“They were radically different from any of the players I’d worked with”
At this embryonic stage, the band’s classic line-up hadn’t quite fallen into place. Frontman Morrissey and guitarist Johnny Marr were still finding their way as a songwriting team, and bassist Andy Rourke was yet to enlist. Additionally, Mike Joyce had only been inducted into The Smiths a few weeks before the group’s live debut, but the drummer – who had cut his teeth playing with rudimentary punk outfits The Hoax and Belfast emigres Victim – was well aware that his new colleagues were light years ahead of any musicians he’d rubbed shoulders with.

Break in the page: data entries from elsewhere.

(* Let $c\ge 0$, $m\ge 2$, and let $x=((x^1,n_1),\dots,(x^q,n_q))$ be a profile with $q\ge 2$. Suppose candidate $i$ is located at $x^l$ and $n_l=2$. Then $$v_i(x^{l-},x_{-i})+v_i(x^{l+},x_{-i})=2v_i(x).$$ In particular, if $x$ is a non-convergent Nash equilibrium of the rule $s=(c,m)$, then $v_i(x^{l-},x_{-i})=v_i(x^{l+},x_{-i})=v_i(x)$.
   Context: Setting: voters' ideal points are distributed uniformly (unit mass, Lebesgue measure) on $[0,1]$. There are $m$ candidates; a profile is $x=(x_1,\dots,x_m)\in[0,1]^m$. A voter with ideal point $y$ ranks candidates by distance $|x_i-y|$ (closer is better); ties are broken by a fair lottery (uniformly random strict order among tied candidates). Under the best-worst rule $s=(c,m)$ ($c\ge0$), a candidate receives $1$ point from each voter ranking her first, $-c$ from each voter ranking her last ($m$-th), and $0$ otherwise; $v_i(x)$ is candidate $i$'s expected total points. $(t,x_{-i})$ denotes $x$ with $x_i$ replaced by $t$. For a point $p$, $v_i(p^-,x_{-i}):=\lim_{t\uparrow p}v_i(t,x_{-i})$ and $v_i(p^+,x_{-i}):=\lim_{t\downarrow p}v_i(t,x_{-i})$ (scores after an infinitesimal move just left, resp. right, of $p$). A (pure-strategy Nash) equilibrium is a profile $x^*$ with $v_i(x^* )\ge v_i(t,x^*_{-i})$ for all $i$ and $t\in[0,1]$; it is non-convergent if at least two platforms are distinct. A profile determines its distinct occupied positions $x^1<\dots<x^q$, with $n_j$ the number of candidates at $x^j$; we write $x=((x^1,n_1),\dots,(x^q,n_q))$. *)

From Stdlib Require Import Reals Lra List Classical ClassicalEpsilon.
Import ListNotations.
Open Scope R_scope.

(* A profile of m candidates is x : nat -> R; candidates are 0, ..., m-1. *)

Definition Reqb (a b : R) : bool := if Req_EM_T a b then true else false.
Definition Rltb (a b : R) : bool := if Rlt_dec a b then true else false.

Definition countc (m : nat) (p : nat -> bool) : nat := length (filter p (seq 0 m)).

Definition dist_c (x : nat -> R) (j : nat) (y : R) : R := Rabs (x j - y).

(* Probability (under fair tie-breaking lottery) that voter y ranks candidate i
   first: 1/k if i is among the k closest (tied) candidates, 0 otherwise. *)
Definition prob_first (m : nat) (x : nat -> R) (i : nat) (y : R) : R :=
  if existsb (fun j => Rltb (dist_c x j y) (dist_c x i y)) (seq 0 m) then 0
  else / INR (countc m (fun j => Reqb (dist_c x j y) (dist_c x i y))).

Definition prob_last (m : nat) (x : nat -> R) (i : nat) (y : R) : R :=
  if existsb (fun j => Rltb (dist_c x i y) (dist_c x j y)) (seq 0 m) then 0
  else / INR (countc m (fun j => Reqb (dist_c x j y) (dist_c x i y))).

(* Expected points given to candidate i by voter y under the best-worst rule (c,m). *)
Definition voter_score (c : R) (m : nat) (x : nat -> R) (i : nat) (y : R) : R :=
  prob_first m x i y - c * prob_last m x i y.

(* Riemann integral over [0,1] (value independent of the integrability proof);
   0 if not integrable (never the case here: the integrand is a step function). *)
Definition integral01 (f : R -> R) : R :=
  match excluded_middle_informative (inhabited (Riemann_integrable f 0 1)) with
  | left h => RiemannInt (epsilon h (fun _ => True))
  | right _ => 0
  end.

(* v_i(x): expected total points of candidate i; voters uniform on [0,1]. *)
Definition score (c : R) (m : nat) (x : nat -> R) (i : nat) : R :=
  integral01 (voter_score c m x i).

Definition upd (x : nat -> R) (i : nat) (t : R) : nat -> R :=
  fun j => if Nat.eq_dec j i then t else x j.

Definition is_profile (m : nat) (x : nat -> R) : Prop :=
  forall j, (j < m)%nat -> 0 <= x j <= 1.

Definition nash_eq (c : R) (m : nat) (x : nat -> R) : Prop :=
  is_profile m x /\
  forall j t, (j < m)%nat -> 0 <= t <= 1 -> score c m (upd x j t) j <= score c m x j.

Definition non_convergent (m : nat) (x : nat -> R) : Prop :=
  exists j k, (j < m)%nat /\ (k < m)%nat /\ x j <> x k.

(* v_i(p^-, x_{-i}) = L  and  v_i(p^+, x_{-i}) = L *)
Definition left_lim (c : R) (m : nat) (x : nat -> R) (i : nat) (p L : R) : Prop :=
  limit1_in (fun t => score c m (upd x i t) i) (fun t => t < p) L p.
Definition right_lim (c : R) (m : nat) (x : nat -> R) (i : nat) (p L : R) : Prop :=
  limit1_in (fun t => score c m (upd x i t) i) (fun t => p < t) L p.

From Stdlib Require Import Reals Lra Lia List Classical ClassicalEpsilon.
From Stdlib Require ROrderedType.
Import ROrderedType (Rcompare, Rcompare_spec).
From Coquelicot Require Import Coquelicot.
Import ListNotations.
Open Scope R_scope.

(* Let [k] be the other candidate at [p = x i].  When [i] moves to a nearby [t], the
   ranking of every voter [y] that is farther than [|t - p|] from [p] and from all the
   midpoints [(x j + p)/2] changes in one respect only: the tie between [i] and [k] is
   broken, in favour of [i] if [y] is on the same side of [p] as [t] and against her
   otherwise.  So on the side of [t] her first-place share doubles and her last-place
   share vanishes, and on the other side the reverse happens.  All shares are step
   functions with finitely many breakpoints, so the remaining voters have measure
   [O(|t - p|)] and [v_i(t, x_{-i})] converges to the integral of the corresponding
   one-sided integrand.  The two integrands add up to twice the voter score.  At an
   equilibrium neither one-sided limit exceeds [v_i(x)], so both equal it; at an endpoint
   of [0,1] the only available side would double [i]'s first-place share, which is
   positive since [p] is isolated from the other positions. *)

(** * Step functions and their integrals *)

Lemma integral01_RInt (f : R -> R) : ex_RInt f 0 1 -> integral01 f = RInt f 0 1.
Proof.
  intros Hf; unfold integral01.
  destruct (excluded_middle_informative _) as [h|h].
  - rewrite (RInt_Reals f 0 1 (epsilon h (fun _ => True))); reflexivity.
  - exfalso; apply h; constructor; apply ex_RInt_Reals_0, Hf.
Qed.

Definition piecewise_constant (P : list R) (f : R -> R) : Prop :=
  forall u v, (forall q, In q P -> ~ u < q < v) ->
  forall y y', u < y < v -> u < y' < v -> f y = f y'.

“Musicality was something that had passed me by in other groups,” Joyce told The Smiths’ biographer Tony Fletcher. “Johnny’s subtlety and his texture and guitar playing was radically different from any of the players I’d worked with up to that point.”
“An Evening Of Pure Pleasure!”
The Smiths were determined to stand apart from their local scene from the off, so in that respect it made sense for them to make their live debut on a bill advertised as “An Evening Of Pure Pleasure!” Presented by local promoters John Kennedy and Andrew Berry, this Andy Warhol-esque extravaganza also featured designers, a drag artist and a dance troupe, not to mention the evening’s headline act, Blue Rondo À La Turk: a ten-piece, jazz-tinged London-based outfit who are barely remembered now but, at the time of the Ritz gig, were very hot news.
With all that in mind, The Smiths felt some pressure to succeed when they took to the Ritz’s stage for their live debut. For just this one show, the group performed with bassist Dale Hibbert, with a slightly anxious Morrissey coming up with a contingency plan that involved inviting his flamboyant friend James Maker along to dance on stage in a pair of women’s shoes.
In his book, Autofellatio, Maker – who later fronted the band Raymonde – recalled, “Morrissey invited me to appear with The Smiths as a guest. I was to present them in French, to dance in a ‘cool and understated manner’ – within the chalked circle he had drawn for me – and to sing backing vocals on What Do You See In Her?… The high-heels component was not borne of camp or frivolity but of an intellectual devotion that originates in the revolutionary sexual appearance of the New York Dolls. I also wore them because I felt like it!”
“The kind of live music fashion show that the British don’t attempt enough”
The Smiths’ live debut was relatively brief. Following the introductory music (Klaus Nomi’s The Cold Song), the group’s four-song Ritz set reputedly consisted of the only live performance of Suffer Little Children, along with The Hand That Rocks The Cradle, a cover of US girl group The Cookies’ I Want A Boy For My Birthday and a vibrant new song, Handsome Devil, which later turned up on the flipside of their debut single, Hand In Glove. The latter song, in particular, suggested Morrissey and Marr were already scoping out highly original territory for what would become The Smiths’ self-titled debut album.